Directions: Would you return the lines between the one holding "Hypotheses (occX : is_occ" and the one holding "Definition touching_AR := [set", inclusive, and only those, exactly as they stand in the listing below?

Dataset content:
----

(* Let $(X_B,X_C,X_R)$ be an OCC (not necessarily tight) in a graph $G$ and let $(A_B,A_C,A_R)$ be a tight OCC in $G$. Let $f_X\colon X_B \to \{0,1\}$ and $f_A \colon A_B \to \{0,1\}$ be proper $2$-colorings of $G[X_B]$ and $G[A_B]$ respectively. Define the following subsets of $X_B$: $A := \{ b \in X_B : b$ has a neighbor $c \in X_C \cap A_B$ with $f_X(b) = f_A(c)\}$, $R := \{ b \in X_B : b$ has a neighbor $c \in X_C \cap A_B$ with $f_X(b) \neq f_A(c)\}$, $N := N_G(X_C \cap A_R) \cap X_B$. Then $A_C \cap X_B$ is both a minimum-size $\{A,R\}$-separator and a minimum-size $\{A,R,N\}$-separator in $G[X_B]$.
   Context: An OCT of $G$ is a set $S \subseteq V(G)$ with $G - S$ bipartite; $\mathrm{oct}(G)$ is its minimum size. An odd cycle cut (OCC) of $G$ is a partition $(X_B, X_C, X_R)$ of $V(G)$ such that $G[X_B]$ is bipartite, there is no edge between $X_B$ and $X_R$, and $X_B \cup X_C \neq \emptyset$. It is tight if $|X_C| = \mathrm{oct}(G[X_B \cup X_C])$. A vertex set $X$ separates two (not necessarily disjoint) vertex sets $S,T$ in a graph if no connected component of the graph minus $X$ contains both a vertex of $S$ and a vertex of $T$; $X$ may intersect $S \cup T$. For sets $T_1,\dots,T_m$, a $\{T_1,\dots,T_m\}$-separator is a vertex set separating $T_i$ and $T_j$ for all $i \neq j$. The sets $A,R,N$ may overlap. *)

(* A simple graph G is a finite type T of vertices with a
   symmetric irreflexive adjacency relation e : rel T. *)
From mathcomp Require Import all_boot.
Set Implicit Arguments. Unset Strict Implicit. Unset Printing Implicit Defensive.

Section Graph.
Variables (T : finType) (e : rel T).

Definition bipartite (S : {set T}) : bool :=
  [exists f : {ffun T -> bool},
     [forall x in S, forall y in S, e x y ==> (f x != f y)]].

Definition is_oct (S X : {set T}) : bool :=
  (X \subset S) && bipartite (S :\: X).

(* oct(G[S]) : the minimum size of an OCT of G[S] (S itself is always one). *)
Definition oct (S : {set T}) : nat :=
  \big[minn/#|S|]_(X : {set T} | is_oct S X) #|X|.

Definition is_occ (XB XC XR : {set T}) : Prop :=
  [/\ [&& [disjoint XB & XC], [disjoint XB & XR] & [disjoint XC & XR]],
      XB :|: XC :|: XR = setT,
      bipartite XB,
      (forall x y, x \in XB -> y \in XR -> ~~ e x y) &
      XB :|: XC != set0].

Definition is_tight_occ (XB XC XR : {set T}) : Prop :=
  is_occ XB XC XR /\ #|XC| = oct (XB :|: XC).

Definition proper_2col (S : {set T}) (f : T -> bool) : Prop :=
  forall x y, x \in S -> y \in S -> e x y -> f x != f y.

Definition rel_minus (H X : {set T}) : rel T :=
  [rel x y | [&& e x y, x \in H :\: X & y \in H :\: X]].

Definition separates (H X S T' : {set T}) : Prop :=
  X \subset H /\
  forall s t, s \in S :&: (H :\: X) -> t \in T' :&: (H :\: X) ->
     ~~ connect (rel_minus H X) s t.

Definition sep2 (H X S1 S2 : {set T}) : Prop := separates H X S1 S2.
Definition sep3 (H X S1 S2 S3 : {set T}) : Prop :=
  [/\ separates H X S1 S2, separates H X S1 S3 & separates H X S2 S3].

Definition min_sep2 (H X S1 S2 : {set T}) : Prop :=
  sep2 H X S1 S2 /\ forall Y, sep2 H Y S1 S2 -> #|X| <= #|Y|.
Definition min_sep3 (H X S1 S2 S3 : {set T}) : Prop :=
  sep3 H X S1 S2 S3 /\ forall Y, sep3 H Y S1 S2 S3 -> #|X| <= #|Y|.

End Graph.

From mathcomp Require Import all_boot.
Set Implicit Arguments. Unset Strict Implicit. Unset Printing Implicit Defensive.

(* Outside the separator [AC :&: XB], every vertex of A or R lies in AB, with
   f_X and f_A disagreeing on A and agreeing on R, while N avoids AB; since
   both colourings are proper, the pair (membership in AB, f_X xor f_A) is
   constant on components of G[X_B] minus the separator, which separates the
   three sets.  Conversely, if Y separates A from R in G[X_B], flipping f_X on
   the components of G[X_B] - Y that meet A and using f_A outside X_B properly
   colours G[A_B u A_C] minus (A_C \ X_B) u Y, so tightness of (A_B, A_C, A_R)
   yields |A_C| <= |A_C \ X_B| + |Y|, i.e. |A_C n X_B| <= |Y|. *)

Lemma bigmin_leq (I : eqType) (r : seq I) (P : pred I) (F : I -> nat) m i0 :
  i0 \in r -> P i0 -> \big[minn/m]_(i <- r | P i) F i <= F i0.
Proof.
elim: r => [//|x r IH]; rewrite inE big_cons => /orP[/eqP <-|ir] Pi.
  by rewrite Pi geq_minl.
by case: (P x); rewrite ?geq_min IH ?orbT.
Qed.

Section Graph.
Variables (T : finType) (e : rel T).

Lemma oct_le (S X : {set T}) : is_oct e S X -> oct e S <= #|X|.
Proof. by move=> octX; apply: bigmin_leq octX; apply: mem_index_enum. Qed.

Lemma occ_cover (XB XC XR : {set T}) x :
  is_occ e XB XC XR -> [\/ x \in XB, x \in XC | x \in XR].
Proof.
case=> _ cover _ _ _; have := in_setT x; rewrite -cover !inE.
by case/orP=> [/orP[]|] ?; [apply: Or31 | apply: Or32 | apply: Or33].
Qed.

Lemma occ_edge_from_B (XB XC XR : {set T}) x y :
  is_occ e XB XC XR -> x \in XB -> e x y -> y \in XB :|: XC.
Proof.
move=> occX xB exy; rewrite inE.
case: (occ_cover y occX) => [->|->|yR]; rewrite ?orbT //.
by case: occX => _ _ _ /(_ x y xB yR); rewrite exy.
Qed.

Lemma occ_edge_from_B_notin_C (XB XC XR : {set T}) x y :
  is_occ e XB XC XR -> x \in XB -> y \notin XC -> e x y -> y \in XB.
Proof.
by move=> occX xB yC /(occ_edge_from_B occX xB); rewrite inE (negbTE yC) orbF.
Qed.

Lemma separates_by_label (L : eqType) (lab : T -> L) (H X S1 S2 : {set T}) :
  X \subset H ->
  (forall u v, rel_minus e H X u v -> lab u = lab v) ->
  (forall s t, s \in S1 :&: (H :\: X) -> t \in S2 :&: (H :\: X) ->
     lab s != lab t) ->
  separates e H X S1 S2.
Proof.
move=> sXH lab_edge lab_neq; split=> // s t sS1 tS2.
apply: contra (lab_neq s t sS1 tS2) => cst.
have cl : closed (rel_minus e H X) [pred u | lab u == lab s].
  by move=> u v /lab_edge; rewrite !inE => ->.
have := closed_connect cl cst.
by rewrite !inE eqxx eq_sym => <-.
Qed.

Hypothesis e_sym : symmetric e.

Lemma rel_minus_sym (H X : {set T}) : symmetric (rel_minus e H X).
Proof. by move=> x y; rewrite /rel_minus /= e_sym (andbC (x \in _)). Qed.

Section SeparatorFromTightCut.
Variables (XB XC XR AB AC AR : {set T}) (fX fA : T -> bool).
Hypotheses (occX : is_occ e XB XC XR) (occA : is_occ e AB AC AR).
Hypotheses (fX_proper : proper_2col e XB fX) (fA_proper : proper_2col e AB fA).

Definition agreeing :=
  [set b in XB | [exists c in XC :&: AB, e b c && (fX b == fA c)]].
Definition disagreeing :=
  [set b in XB | [exists c in XC :&: AB, e b c && (fX b != fA c)]].
Definition touching_AR := [set b in XB | [exists c in XC :&: AR, e b c]].

Definition parity v : option bool :=
  if v \in AB then Some (fX v (+) fA v) else None.

Lemma notin_AC_nbr_AB b c : b \notin AC -> c \in AB -> e b c -> b \in AB.
Proof.
move=> bAC cAB ebc; apply: occ_edge_from_B_notin_C occA cAB bAC _.
by rewrite e_sym.
Qed.

Lemma parity_edge u v : rel_minus e XB (AC :&: XB) u v -> parity u = parity v.
Proof.
case/and3P=> euv; rewrite !inE => /andP[uS uXB] /andP[vS vXB].
rewrite uXB andbT in uS; rewrite vXB andbT in vS.
have AB_eq : (u \in AB) = (v \in AB).
  apply/idP/idP => [uAB|vAB]; last exact: notin_AC_nbr_AB uS vAB euv.
  by apply: notin_AC_nbr_AB vS uAB _; rewrite e_sym.
rewrite /parity -AB_eq; case: ifP => // uAB; congr Some.
have vAB : v \in AB by rewrite -AB_eq.
move: (fX_proper uXB vXB euv) (fA_proper uAB vAB euv).
by case: (fX u); case: (fX v); case: (fA u); case: (fA v).
Qed.

Lemma parity_agreeing s : s \in agreeing -> s \notin AC -> parity s = Some true.
Proof.
rewrite inE => /andP[_ /exists_inP[c]]; rewrite inE => /andP[_ cAB].
move=> /andP[esc /eqP fXs] sAC; have sAB := notin_AC_nbr_AB sAC cAB esc.
rewrite /parity sAB fXs; move: (fA_proper sAB cAB esc).
by case: (fA s); case: (fA c).
Qed.

Lemma parity_disagreeing s :
  s \in disagreeing -> s \notin AC -> parity s = Some false.
Proof.
rewrite inE => /andP[_ /exists_inP[c]]; rewrite inE => /andP[_ cAB].
move=> /andP[esc fXs] sAC; have sAB := notin_AC_nbr_AB sAC cAB esc.
rewrite /parity sAB; move: fXs (fA_proper sAB cAB esc).
by case: (fX s); case: (fA s); case: (fA c).
Qed.

Lemma parity_touching_AR s : s \in touching_AR -> parity s = None.
Proof.
rewrite inE => /andP[sXB /exists_inP[c]]; rewrite inE => /andP[_ cAR] esc.
rewrite /parity; case: ifP => // sAB.
by case: occA => _ _ _ /(_ s c sAB cAR); rewrite esc.
Qed.

Lemma separates_by_parity (S1 S2 : {set T}) p1 p2 :
  (forall s, s \in S1 -> s \notin AC -> parity s = p1) ->
  (forall s, s \in S2 -> s \notin AC -> parity s = p2) ->
  p1 != p2 -> separates e XB (AC :&: XB) S1 S2.
Proof.
move=> par1 par2 p12; apply: separates_by_label parity_edge _ => [|s t].
  exact: subsetIr.
rewrite !inE => /and3P[sS1 + sXB] /and3P[tS2 + tXB].
by rewrite sXB tXB !andbT => sAC tAC; rewrite par1 // par2.
Qed.

Lemma sep3_AC_XB : sep3 e XB (AC :&: XB) agreeing disagreeing touching_AR.
Proof.
have par_N s : s \in touching_AR -> s \notin AC -> parity s = None.
  by move=> sN _; apply: parity_touching_AR.
by split; apply: separates_by_parity;
  (exact: parity_agreeing || exact: parity_disagreeing || exact: par_N || done).
Qed.

Section RecolourAlongSeparator.
Variable Y : {set T}.
Hypothesis Y_sep : sep2 e XB Y agreeing disagreeing.

Definition reaches_agreeing v :=
  [exists a in agreeing :\: Y, connect (rel_minus e XB Y) v a].

Definition recolour v :=
  if v \in XB then fX v (+) reaches_agreeing v else fA v.

Definition oct_of_sep := (AC :\: XB) :|: (Y :&: (AB :|: AC)).

Lemma reaches_agreeing_edge u v :
  rel_minus e XB Y u v -> reaches_agreeing u = reaches_agreeing v.
Proof.
move=> ruv; apply/exists_inP/exists_inP => -[a aA ca]; exists a => //.
  by apply: connect_trans ca; apply: connect1; rewrite rel_minus_sym.
exact: connect_trans (connect1 ruv) ca.
Qed.

Lemma recolour_cross_edge u v : u \in XB -> u \notin Y -> v \notin XB ->
  v \in AB -> e u v -> recolour u != fA v.
Proof.
move=> uXB uY vXB vAB euv.
have vXC : v \in XC.
  by move: (occ_edge_from_B occX uXB euv); rewrite inE (negbTE vXB).
have nbr_v (P : rel bool) : P (fX u) (fA v) ->
    [exists c in XC :&: AB, e u c && P (fX u) (fA c)].
  by move=> Puv; apply/exists_inP; exists v; rewrite ?inE ?vXC ?vAB ?euv.
rewrite /recolour uXB; have [fXuv|fXuv] := eqVneq (fX u) (fA v).
  have uA : u \in agreeing :\: Y.
    by rewrite !inE uY uXB /=; apply: (nbr_v eq_op); rewrite fXuv.
  have -> : reaches_agreeing u by apply/exists_inP; exists u.
  by rewrite fXuv addbT; case: (fA v).
have uR : u \in disagreeing :&: (XB :\: Y).
  by rewrite !inE uY uXB /= andbT; apply: (nbr_v (fun x y => x != y)).
suff -> : reaches_agreeing u = false by rewrite addbF.
apply/negbTE/exists_inP => -[a aA cua].
have aA' : a \in agreeing :&: (XB :\: Y).
  by move: aA; rewrite !inE => /andP[-> /andP[-> ->]].
case: Y_sep => _ /(_ a u aA' uR).
by rewrite (sym_connect_sym (rel_minus_sym XB Y)) cua.
Qed.

Lemma notin_oct_of_sep u : u \in (AB :|: AC) :\: oct_of_sep ->
  u \notin Y /\ (u \notin XB -> u \in AB).
Proof.
rewrite !inE.
by case: (u \in Y); case: (u \in XB); case: (u \in AB); case: (u \in AC).
Qed.

Lemma oct_of_sep_is_oct : is_oct e (AB :|: AC) oct_of_sep.
Proof.
apply/andP; split.
  rewrite /oct_of_sep subUset subsetIr andbT.
  exact: subset_trans (subsetDl _ _) (subsetUr _ _).
apply/existsP; exists [ffun v => recolour v].
apply/forall_inP => u /notin_oct_of_sep[uY uAB].
apply/forall_inP => v /notin_oct_of_sep[vY vAB].
apply/implyP => euv; rewrite !ffunE.
have [uXB|uXB] := boolP (u \in XB); have [vXB|vXB] := boolP (v \in XB).
- have ruv : rel_minus e XB Y u v.
    by rewrite /rel_minus /= euv !inE uY vY uXB vXB.
  rewrite /recolour uXB vXB (reaches_agreeing_edge ruv).
  move: (fX_proper uXB vXB euv).
  by case: (fX u); case: (fX v); case: reaches_agreeing.
- rewrite {2}/recolour (negbTE vXB).
  by apply: recolour_cross_edge; rewrite ?vAB.
- rewrite eq_sym {2}/recolour (negbTE uXB).
  by apply: recolour_cross_edge; rewrite ?uAB // e_sym.
- rewrite /recolour (negbTE uXB) (negbTE vXB).
  by apply: fA_proper; rewrite ?uAB ?vAB.
Qed.

Lemma card_AC_XB_le_sep2 : #|AC| = oct e (AB :|: AC) -> #|AC :&: XB| <= #|Y|.
Proof.
move=> tight; have := oct_le oct_of_sep_is_oct.
have Zle : #|oct_of_sep| <= #|AC :\: XB| + #|Y|.
  apply: leq_trans (leq_card_setU _ _) _.
  by rewrite leq_add2l subset_leq_card ?subsetIl.
by move=> /leq_trans/(_ Zle); rewrite -tight -(cardsID XB AC) addnC leq_add2l.
Qed.

End RecolourAlongSeparator.

End SeparatorFromTightCut.

End Graph.

Theorem lemma3p5 (T : finType) (e : rel T) (e_sym : symmetric e)
  (e_irr : irreflexive e)
  (XB XC XR AB AC AR : {set T}) (fX fA : T -> bool) :
  is_occ e XB XC XR ->
  is_tight_occ e AB AC AR ->
  proper_2col e XB fX ->
  proper_2col e AB fA ->
  let A := [set b in XB | [exists c in XC :&: AB, e b c && (fX b == fA c)]] in
  let R := [set b in XB | [exists c in XC :&: AB, e b c && (fX b != fA c)]] in
  let N := [set b in XB | [exists c in XC :&: AR, e b c]] in
  min_sep2 e XB (AC :&: XB) A R /\ min_sep3 e XB (AC :&: XB) A R N.
Proof.
move=> occX [occA tight] fX_proper fA_proper A R N.
have sep : sep3 e XB (AC :&: XB) A R N by apply: sep3_AC_XB.
have minY Y : sep2 e XB Y A R -> #|AC :&: XB| <= #|Y|.
  by move=> Y_sep; exact: (card_AC_XB_le_sep2 e_sym occX fX_proper fA_proper
                             Y_sep tight).
by have [sepAR _ _] := sep; split; split=> // Y [/minY].
Qed.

----

Response:
Hypotheses (occX : is_occ e XB XC XR) (occA : is_occ e AB AC AR).
Hypotheses (fX_proper : proper_2col e XB fX) (fA_proper : proper_2col e AB fA).

Definition agreeing :=
  [set b in XB | [exists c in XC :&: AB, e b c && (fX b == fA c)]].
Definition disagreeing :=
  [set b in XB | [exists c in XC :&: AB, e b c && (fX b != fA c)]].
Definition touching_AR := [set b in XB | [exists c in XC :&: AR, e b c]].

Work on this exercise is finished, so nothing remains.